Data to use >>
%%
Lemma partial_round r x : x <= l -> forall h, Inv r x h ->
  run_online A h (phase_list l x) (flat_map triple (rev (seq 1 x))) = x * cost r /\
  final_list A h (phase_list l x) (flat_map triple (rev (seq 1 x))) = phase_list l 0 /\
  Inv r 0 (h ++ flat_map triple (rev (seq 1 x))).
Proof.
  induction x as [|x IH]; intros Hx h HI.
  - simpl; rewrite app_nil_r; auto.
  - rewrite seq_S, rev_unit.
    change (flat_map triple (1 + x :: rev (seq 1 x)))
      with (triple (S x) ++ flat_map triple (rev (seq 1 x))).
    destruct (triple_step r (S x) h) as [C1 [F1 I1]]; [lia|auto|].
    replace (S x - 1) with x in * by lia.
    destruct (IH ltac:(lia) _ I1) as [C2 [F2 I2]].
    rewrite run_online_app, final_list_app, C1, F1, C2, F2, app_assoc; repeat split; auto; lia.
Qed.

Lemma full_round r h : Inv r l h ->
  run_online A h (seq 1 l) (round l) = l * cost r /\
  final_list A h (seq 1 l) (round l) = seq 1 l /\ Inv (S r) l (h ++ round l).
Proof.
  intros HI; destruct (partial_round r l (le_n _) h HI) as [C [F I]].
  rewrite phase_list_l, phase_list_0 in *; rewrite round_unfold; auto.
Qed.

Variable C : nat.
Hypothesis cost_pair : forall r, cost r + cost (S r) = C.

Lemma rounds_cost s : forall r h, Inv r l h ->
  run_online A h (seq 1 l) (concat (repeat (round l) (2 * s))) = s * (l * C).
Proof.
  induction s as [|s IH]; intros r h HI; [reflexivity|].
  replace (2 * S s) with (S (S (2 * s))) by lia.
  change (concat (repeat (round l) (S (S (2 * s)))))
    with (round l ++ round l ++ concat (repeat (round l) (2 * s))).
  destruct (full_round r h HI) as [C1 [F1 I1]].
  destruct (full_round (S r) _ I1) as [C2 [F2 I2]].
  rewrite run_online_app, C1, F1, run_online_app, C2, F2, (IH _ _ I2).
  rewrite <- (cost_pair r); nia.
Qed.
End Rounds.

Lemma mtf_back l x : 1 <= x <= l -> move_to_front x (others l x ++ [x]) = x :: others l x.
Proof.
  intros; unfold move_to_front.
  rewrite (del_split x (others l x) []), app_nil_r; auto using others_notin.
Qed.

Lemma mtf_front l x : move_to_front x (x :: others l x) = x :: others l x.
Proof.
  unfold move_to_front; f_equal; apply (del_split x []); auto using others_notin.
Qed.

Definition mtf_when (f : nat -> bool) : online_rule := fun hist L x =>
  if f (S (occ x hist)) then move_to_front x L else L.

Lemma MTFO_rule_eq : MTFO_rule = mtf_when Nat.odd.
Proof. reflexivity. Qed.

Lemma MTFE_rule_eq : MTFE_rule = mtf_when Nat.even.
Proof. reflexivity. Qed.

Section ParityRule.
Variable f : nat -> bool.
Hypothesis f_alt : forall n, f (S n) = negb (f n).

(** A triple to the last item costs [l + 2] when the first of the three requests
    triggers the move, and [2l + 1] when only the second one does. *)
Definition parity_triple_cost (l n : nat) : nat := if f (S n) then l + 2 else 2 * l + 1.

Lemma mtf_when_back l x h : 1 <= x <= l ->
  mtf_when f h (others l x ++ [x]) x =
  if f (S (occ x h)) then x :: others l x else others l x ++ [x].
Proof. intros; unfold mtf_when; rewrite mtf_back by auto; reflexivity. Qed.

Lemma mtf_when_front l x h : mtf_when f h (x :: others l x) x = x :: others l x.
Proof. unfold mtf_when; rewrite mtf_front; destruct (f _); reflexivity. Qed.

Lemma parity_triple l x h : 1 <= x <= l ->
  run_online (mtf_when f) h (others l x ++ [x]) (triple x) = parity_triple_cost l (occ x h) /\
  final_list (mtf_when f) h (others l x ++ [x]) (triple x) = x :: others l x.
Proof.
  intros Hx; unfold triple, parity_triple_cost; cbn [run_online final_list].
  rewrite (mtf_when_back l x h) by auto.
  destruct (f (S (occ x h))) eqn:E1.
  - rewrite !mtf_when_front, access_cost_back, !access_cost_front by auto; split; auto; lia.
  - assert (E2 : f (S (occ x (h ++ [x]))) = true)
      by (rewrite occ_snoc, Nat.eqb_refl, Nat.add_1_r, f_alt, E1; reflexivity).
    rewrite (mtf_when_back l x), E2, mtf_when_front, !access_cost_back,
      access_cost_front by auto; split; auto; lia.
Qed.
End ParityRule.

Lemma occ_triple y h a : occ y (h ++ triple a) = occ y h + (if Nat.eqb a y then 3 else 0).
Proof.
  change (h ++ triple a) with (h ++ [a] ++ [a] ++ [a]).
  rewrite !app_assoc, !occ_snoc; destruct (Nat.eqb a y); lia.
Qed.

Definition request_counts (l r x : nat) (h : list nat) : Prop :=
  forall y, 1 <= y <= l -> occ y h = if y <=? x then 3 * r else 3 * r + 3.

Lemma request_counts_start l : request_counts l 0 l [].
Proof. intros y Hy; unfold occ; simpl; destruct (Nat.leb_spec y l); lia. Qed.

Lemma request_counts_next_round l r h : request_counts l r 0 h -> request_counts l (S r) l h.
Proof.
  intros H y Hy; rewrite H by auto.
  destruct (Nat.leb_spec y 0), (Nat.leb_spec y l); lia.
Qed.

Lemma request_counts_step l r x h : 1 <= x <= l ->
  request_counts l r x h -> request_counts l r (x - 1) (h ++ triple x).
Proof.
  intros Hx H y Hy; rewrite occ_triple, H by auto.
  destruct (Nat.eqb_spec x y), (Nat.leb_spec y x), (Nat.leb_spec y (x - 1)); lia.
Qed.

(** Under an alternating test, two consecutive rounds cost [(l + 2) + (2l + 1)] per item. *)
Lemma parity_rule_cost f : (forall n, f (S n) = negb (f n)) -> forall l s,
  online_cost (mtf_when f) (init_list l) (sigma_gamma l s) = s * (l * (3 * l + 3)).
Proof.
  intros f_alt l s; unfold online_cost, sigma_gamma, init_list.
  apply (rounds_cost (mtf_when f) l (fun r => parity_triple_cost f l (3 * r))
           (request_counts l)) with (r := 0);
    auto using request_counts_next_round, request_counts_start.
  - intros r x h Hx HI; destruct (phase_list_split l x Hx) as [E1 E2]; rewrite E1, E2.
    assert (Hocc : occ x h = 3 * r) by (rewrite HI, Nat.leb_refl by lia; reflexivity).
    rewrite <- Hocc; destruct (parity_triple f f_alt l x h Hx) as [C F].
    repeat split; auto using request_counts_step.
  - intros r; unfold parity_triple_cost.
    replace (S (3 * S r)) with (S (S (S (S (3 * r))))) by lia.
    rewrite !f_alt; destruct (f (3 * r)); simpl; lia.
Qed.

(** MTFO and MTFE both cost [s l (3l + 3)]: they differ only in which rounds are cheap. *)
Lemma MTFO_value l s : MTFO_cost (init_list l) (sigma_gamma l s) = s * (l * (3 * l + 3)).
Proof.
  unfold MTFO_cost; rewrite MTFO_rule_eq; apply parity_rule_cost.
  intro n; rewrite Nat.odd_succ, Nat.negb_odd; reflexivity.
Qed.

Lemma MTFE_value l s : MTFE_cost (init_list l) (sigma_gamma l s) = s * (l * (3 * l + 3)).
Proof.
  unfold MTFE_cost; rewrite MTFE_rule_eq; apply parity_rule_cost.
  intro n; rewrite Nat.even_succ, Nat.negb_even; reflexivity.
Qed.

Definition twice_since (h : list nat) (y z : nat) : Prop := 2 <= occ z (take_until y (rev h)).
%%
Check each line of the listing for "only", and copy the ones that hold it.

Solution to this problem >>
    triggers the move, and [2l + 1] when only the second one does. *)
(** MTFO and MTFE both cost [s l (3l + 3)]: they differ only in which rounds are cheap. *)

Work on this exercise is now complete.